A member of Congress has some explaining to do

Last week, nearly 150 House Democrats voted to censure Rep. Steve King (R-Iowa) for a wide range of racist comments he made in the past two years, which, if true, likely constituted a breach of the chamber’s decorum rule that a member should “refrain from conduct unbecoming a member of the House in any matter whatsoever.”

The vote, not surprisingly, was bipartisan and King’s colleagues in the Republican caucus rebuked him. Yet his overstated defense of his infamous comment about white nationalist Richard Spencer, “White nationalist, white supremacist, Western civilization — how did that language become offensive?” also receives at least some support from fellow Republicans. It’s a recurring theme that they’ve come to love.

Their support for King’s dogged defense of the reference is just one telling example of how thoughtful and relevant the House’s censure vote really was.

Beyond the vote itself — a rarity in contemporary congressional politics — the quality of the congressional debate on the issue, which Republicans often defame when it comes to their critics, showed why it was so well-considered. While doing so, Democrats laid out the facts of the case against King, both in serious and bipartisan fashion, demonstrating that his refusal to use words like “heckler’s veto” is no disqualifier for one of Congress’ most powerful seats.

First, let’s look at the facts in King’s defense. In an interview with The New York Times in 2016, King said that he would “just prefer not to talk about [King’s racial identity], because you’ve just turned into a supermodel.” That comment comes from a year earlier, when King traveled to Rwanda with a Bible that he took to describe “the characteristics of their rebirth and recovery.”

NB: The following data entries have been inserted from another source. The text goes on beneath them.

(* Let $1<p<2<r<\infty$ with $r'<p$, where $q'=q/(q-1)$. Let $(k_n)$ be a sequence of positive integers such that for all $n\ge1$ \[1+2\sum_{i=1}^{n-1}i^{r/2}k_i^{r/2}\le k_n^{1-p/2}\big/n^{p/2}\quad\text{and}\quad\Big(\frac{n+1}{n}\Big)^{r/2}\Big(\frac{k_n}{k_{n+1}}\Big)^{(1/p-1/p')r/2}\le\frac12,\] and put $\alpha_n=\sqrt n\,k_n^{(1/p'-1/p)/2}$. Then for all $l,j\in\mathbb N$ with \[2\sum_{i=1}^{l-1}i^{r/2}k_i^{r/2}\le j\le k_l^{1-p/2}\big/l^{p/2},\] and all real $x_1,\dots,x_l$ with $0\le x_i\le k_i$ for $1\le i<l$ and $0\le x_l\le j-\sum_{i=1}^{l-1}x_i$, we have \[0\le\sum_{i=1}^l\alpha_i^r x_i^{r/p}\le\frac j2+2.\] *)

From Stdlib Require Import Reals Lra.
Open Scope R_scope.

(* Real power x^y for x >= 0: Rpower x y for x > 0, and 0 for x <= 0.
   Used only with strictly positive exponents, where 0^y = 0 is the
   standard convention (Stdlib's Rpower 0 y would give 1). *)
Definition rpow (x y : R) : R := if Rle_dec x 0 then 0 else Rpower x y.

Fixpoint ssum (f : nat -> R) (n : nat) : R :=
  match n with
  | O => 0
  | S m => ssum f m + f (S m)
  end.

Definition conj_exp (q : R) : R := q / (q - 1).

Definition alpha (p : R) (k : nat -> nat) (n : nat) : R :=
  sqrt (INR n) * rpow (INR (k n)) ((1 / conj_exp p - 1 / p) / 2).

(** Since 1/p' - 1/p = 1 - 2/p, the i-th term factors as
    α_i^r x^{r/p} = (i k_i)^{r/2} (x/k_i)^{r/p}.  For i < l the constraint
    x_i <= k_i bounds it by (i k_i)^{r/2}, so these terms add up to at most j/2.
    For the last term, x_l <= j <= k_l^{1-p/2} / l^{p/2} says exactly
    x_l/k_l <= (l k_l)^{-p/2}, so it is at most 1. *)

From Stdlib Require Import Reals Lra Lia.
Open Scope R_scope.

Lemma rpow_Rpower (x a : R) : 0 < x -> rpow x a = Rpower x a.
Proof. intro Hx; unfold rpow; destruct (Rle_dec x 0); [lra | reflexivity]. Qed.

Lemma rpow_0_l (a : R) : rpow 0 a = 0.
Proof. unfold rpow; destruct (Rle_dec 0 0); [reflexivity | lra]. Qed.

Lemma rpow_ge0 (x a : R) : 0 <= rpow x a.
Proof.
  unfold rpow; destruct (Rle_dec x 0); [lra | left; apply exp_pos].
Qed.

Lemma rpow_gt0 (x a : R) : 0 < x -> 0 < rpow x a.
Proof. intro Hx; rewrite rpow_Rpower by exact Hx; apply exp_pos. Qed.

Lemma rpow_1_l (a : R) : rpow 1 a = 1.
Proof.
  rewrite rpow_Rpower by lra.
  unfold Rpower; rewrite ln_1, Rmult_0_r; apply exp_0.
Qed.

Lemma rpow_1 (x : R) : 0 < x -> rpow x 1 = x.
Proof. intro Hx; rewrite rpow_Rpower by exact Hx; apply Rpower_1, Hx. Qed.

Lemma rpow_plus (x a b : R) : 0 < x -> rpow x (a + b) = rpow x a * rpow x b.
Proof. intro Hx; rewrite !rpow_Rpower by exact Hx; apply Rpower_plus. Qed.

Lemma rpow_Ropp (x a : R) : 0 < x -> rpow x (- a) = / rpow x a.
Proof. intro Hx; rewrite !rpow_Rpower by exact Hx; apply Rpower_Ropp. Qed.

Lemma rpow_Rinv (x a : R) : 0 < x -> rpow (/ x) a = / rpow x a.
Proof.
  intro Hx; rewrite <- rpow_Ropp, !rpow_Rpower by (auto with real).
  unfold Rpower; rewrite ln_Rinv by exact Hx; f_equal; ring.
Qed.

Lemma rpow_mult_distr (x y a : R) :
  0 <= x -> 0 <= y -> rpow (x * y) a = rpow x a * rpow y a.
Proof.
  intros [Hx | <-] [Hy | <-];
    try (rewrite ?Rmult_0_l, ?Rmult_0_r, !rpow_0_l; ring).
  rewrite !rpow_Rpower by (try apply Rmult_lt_0_compat; assumption).
  symmetry; apply Rpower_mult_distr; assumption.
Qed.

Lemma rpow_mult (x a b : R) : 0 <= x -> rpow (rpow x a) b = rpow x (a * b).
Proof.
  intros [Hx | <-]; [| rewrite !rpow_0_l; reflexivity].
  rewrite !(rpow_Rpower x), rpow_Rpower by (try apply exp_pos; exact Hx).
  apply Rpower_mult.
Qed.

Lemma rpow_sqrt (x : R) : 0 <= x -> rpow x (/ 2) = sqrt x.
Proof.
  intros [Hx | <-]; [| rewrite rpow_0_l, sqrt_0; reflexivity].
  rewrite rpow_Rpower by exact Hx; apply Rpower_sqrt, Hx.
Qed.

Lemma rpow_le_compat (x y a : R) : 0 <= a -> 0 <= x <= y -> rpow x a <= rpow y a.
Proof.
  intros Ha [[Hx | <-] Hxy]; [| rewrite rpow_0_l; apply rpow_ge0].
  rewrite !rpow_Rpower by lra; apply Rle_Rpower_l; lra.
Qed.

Lemma ssum_le (f g : nat -> R) (n : nat) :
  (forall i, (1 <= i)%nat -> (i <= n)%nat -> f i <= g i) -> ssum f n <= ssum g n.
Proof.
  induction n as [|n IH]; intro Hfg; simpl; [lra |].
  assert (ssum f n <= ssum g n) by (apply IH; intros; apply Hfg; lia).
  assert (f (S n) <= g (S n)) by (apply Hfg; lia).
  lra.
Qed.

Lemma ssum_ge0 (f : nat -> R) (n : nat) :
  (forall i, (1 <= i)%nat -> (i <= n)%nat -> 0 <= f i) -> 0 <= ssum f n.
Proof.
  intro Hf; apply Rle_trans with (ssum (fun _ => 0) n).
  - clear Hf; induction n as [|n IH]; simpl; lra.
  - apply ssum_le, Hf.
Qed.

Lemma inv_conj_exp (p : R) : p <> 0 -> p <> 1 -> 1 / conj_exp p = 1 - 1 / p.
Proof. intros Hp0 Hp1; unfold conj_exp; field; split; [exact Hp0 | lra]. Qed.

Section AlphaTerm.

Variables (p r : R) (k : nat -> nat).
Hypotheses (Hp0 : 0 < p) (Hp1 : p <> 1) (Hr : 0 <= r).

Let Hrp : 0 <= r / p.
Proof. apply Rmult_le_pos; [exact Hr | apply Rlt_le, Rinv_0_lt_compat, Hp0]. Qed.

Lemma alpha_term (i : nat) (y : R) :
  0 < INR (k i) -> 0 <= y ->
  rpow (alpha p k i) r * rpow y (r / p)
  = rpow (INR i * INR (k i)) (r / 2) * rpow (y / INR (k i)) (r / p).
Proof.
  intros Hk Hy.
  assert (Hi : 0 <= INR i) by apply pos_INR.
  unfold alpha.
  rewrite rpow_mult_distr by (apply sqrt_pos || apply rpow_ge0).
  rewrite <- rpow_sqrt, !rpow_mult by lra.
  rewrite inv_conj_exp by lra.
  replace (/ 2 * r) with (r / 2) by field.
  replace ((1 - 1 / p - 1 / p) / 2 * r) with (r / 2 + - (r / p)) by (field; lra).
  rewrite rpow_plus, rpow_Ropp by exact Hk.
  change (y / INR (k i)) with (y * / INR (k i)).
  rewrite !rpow_mult_distr, rpow_Rinv by (auto with real).
  ring.
Qed.

Lemma alpha_term_le_block (i : nat) (y : R) :
  0 < INR (k i) -> 0 <= y <= INR (k i) ->
  rpow (alpha p k i) r * rpow y (r / p)
  <= rpow (INR i) (r / 2) * rpow (INR (k i)) (r / 2).
Proof.
  intros Hk Hy.
  assert (Hyk : 0 <= y / INR (k i) <= 1).
  { unfold Rdiv; split.
    - apply Rmult_le_pos; [lra | apply Rlt_le, Rinv_0_lt_compat, Hk].
    - rewrite <- (Rinv_r (INR (k i))) by lra.
      apply Rmult_le_compat_r; [apply Rlt_le, Rinv_0_lt_compat, Hk | lra]. }
  rewrite alpha_term, <- rpow_mult_distr by (lra || apply pos_INR).
  rewrite <- (Rmult_1_r (rpow (INR i * INR (k i)) (r / 2))) at 2.
  apply Rmult_le_compat_l; [apply rpow_ge0 |].
  rewrite <- (rpow_1_l (r / p)).
  apply rpow_le_compat; [exact Hrp | lra].
Qed.

Lemma alpha_term_le_1 (l : nat) (y : R) :
  0 < INR l -> 0 < INR (k l) ->
  0 <= y <= rpow (INR (k l)) (1 - p / 2) / rpow (INR l) (p / 2) ->
  rpow (alpha p k l) r * rpow y (r / p) <= 1.
Proof.
  intros Hl Hk Hy.
  set (n := INR l * INR (k l)).
  assert (Hn : 0 < n) by (apply Rmult_lt_0_compat; assumption).
  assert (Hyk : y / INR (k l) <= rpow n (- (p / 2))).
  { replace (rpow n (- (p / 2)))
      with (rpow (INR (k l)) (1 - p / 2) / rpow (INR l) (p / 2) / INR (k l)).
    - apply Rmult_le_compat_r; [apply Rlt_le, Rinv_0_lt_compat, Hk | lra].
    - pose proof (rpow_gt0 (INR l) (p / 2) Hl).
      pose proof (rpow_gt0 (INR (k l)) (p / 2) Hk).
      unfold n; rewrite rpow_Ropp, rpow_mult_distr by (exact Hn || lra).
      replace (1 - p / 2) with (1 + - (p / 2)) by ring.
      rewrite rpow_plus, rpow_Ropp, rpow_1 by exact Hk.
      field; lra. }
  rewrite alpha_term by lra; fold n.
  apply Rle_trans with (rpow n (r / 2) * rpow (rpow n (- (p / 2))) (r / p)).
  - apply Rmult_le_compat_l; [apply rpow_ge0 |].
    apply rpow_le_compat; [exact Hrp |].
    split; [| exact Hyk].
    apply Rmult_le_pos; [lra | apply Rlt_le, Rinv_0_lt_compat, Hk].
  - rewrite rpow_mult by lra.
    replace (- (p / 2) * (r / p)) with (- (r / 2)) by (field; lra).
    rewrite rpow_Ropp, Rinv_r by (try apply Rgt_not_eq, rpow_gt0; exact Hn).
    lra.
Qed.

End AlphaTerm.

Theorem lemma7 (p r : R) (k : nat -> nat) :
  1 < p -> p < 2 -> 2 < r -> conj_exp r < p ->
  (forall n : nat, (1 <= n)%nat -> (0 < k n)%nat) ->
  (forall n : nat, (1 <= n)%nat ->
     1 + 2 * ssum (fun i => rpow (INR i) (r / 2) * rpow (INR (k i)) (r / 2)) (n - 1)
       <= rpow (INR (k n)) (1 - p / 2) / rpow (INR n) (p / 2)) ->
  (forall n : nat, (1 <= n)%nat ->
     rpow (INR (n + 1)%nat / INR n) (r / 2)
       * rpow (INR (k n) / INR (k (n + 1)%nat)) ((1 / p - 1 / conj_exp p) * r / 2)
       <= 1 / 2) ->
  forall (l j : nat) (x : nat -> R),
    (1 <= l)%nat ->
    2 * ssum (fun i => rpow (INR i) (r / 2) * rpow (INR (k i)) (r / 2)) (l - 1) <= INR j ->
    INR j <= rpow (INR (k l)) (1 - p / 2) / rpow (INR l) (p / 2) ->
    (forall i : nat, (1 <= i)%nat -> (i < l)%nat -> 0 <= x i <= INR (k i)) ->
    0 <= x l <= INR j - ssum x (l - 1) ->
    0 <= ssum (fun i => rpow (alpha p k i) r * rpow (x i) (r / p)) l <= INR j / 2 + 2.
Proof.
  intros Hp1 Hp2 Hr _ Hk _ _ l j x Hl Hsum Hj Hx Hxl.
  set (f := fun i => rpow (alpha p k i) r * rpow (x i) (r / p)).
  assert (Hk_pos : forall i, (1 <= i)%nat -> 0 < INR (k i))
    by (intros i Hi; apply lt_0_INR, Hk, Hi).
  split.
  - apply ssum_ge0; intros; apply Rmult_le_pos; apply rpow_ge0.
  - assert (Hsplit : ssum f l = ssum f (l - 1) + f l).
    { destruct l as [| l]; [lia |]. simpl; rewrite Nat.sub_0_r; reflexivity. }
    assert (Hfirst : ssum f (l - 1)
        <= ssum (fun i => rpow (INR i) (r / 2) * rpow (INR (k i)) (r / 2)) (l - 1)).
    { apply ssum_le; intros i Hi1 Hi2.
      apply alpha_term_le_block; [lra .. | apply Hk_pos; lia | apply Hx; lia]. }
    assert (Hprev : 0 <= ssum x (l - 1)) by (apply ssum_ge0; intros; apply Hx; lia).
    assert (Hlast : f l <= 1).
    { apply alpha_term_le_1; [lra .. | apply lt_0_INR; lia | apply Hk_pos, Hl | lra]. }
    lra.
Qed.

Such behavior would hardly be a disqualifier for most politicians, but it particularly does not jibe with House norms on decorum. In fact, even King’s parents raised him to respect the institution of Congress as a place for serious debate and deliberation, not as a playground for matters of simple entertainment. And for King to be an effective representative in the House, he should represent people of all walks of life, not just ones that agree with him.

It’s hard to see how a light censure would restore the honor of Congress or the standing of this institution in the eyes of the people, yet House Republicans argue that, in King’s mind, that’s not necessary.

That belief may well be rooted in the reality that King has consistently generated political capital among other Republicans as well as voters in his district.

It’s true that King has had his best year yet in the House, notching a string of high-profile votes and being featured in countless fundraising emails from House Republicans, yet that gives him little credit for anything that comes out of the House.

Still, he is bound by House rules and must attend all floor votes. Most members of the body either don’t make that much noise about it or don’t go to them at all.

For instance, Rep. Steve Scalise (R-La.) and Rep. Paul Gosar (R-Ariz.) often ignore the House floor, even when their colleagues are absent.

It’s also true that a handful of House Republicans broke from their party during last week’s vote to censure King, acknowledging their friendship with King in exchange for his support.

It may be the case that certain members of the GOP caucus might want to be able to work with King, given that they have limited access to the chamber’s prized leader’s chair.

A House resolution that censures King for such behavior has never before been used in legislative history and has only been used against Congressmen who broke various rules or stepped out of bounds. The Hill has called it “historic” and said that it would be “hard to think of another step that [King] has taken that has been so widely condemned.”

There’s also a good deal of discussion about the practice of censuring Congressmen for media-generated controversies. It’s unclear, though, whether that practice will be extended to the House of Representatives or even if it has any legal standing. In any case, it’s easy to see why King wouldn’t want to adopt a more high-profile form of censure.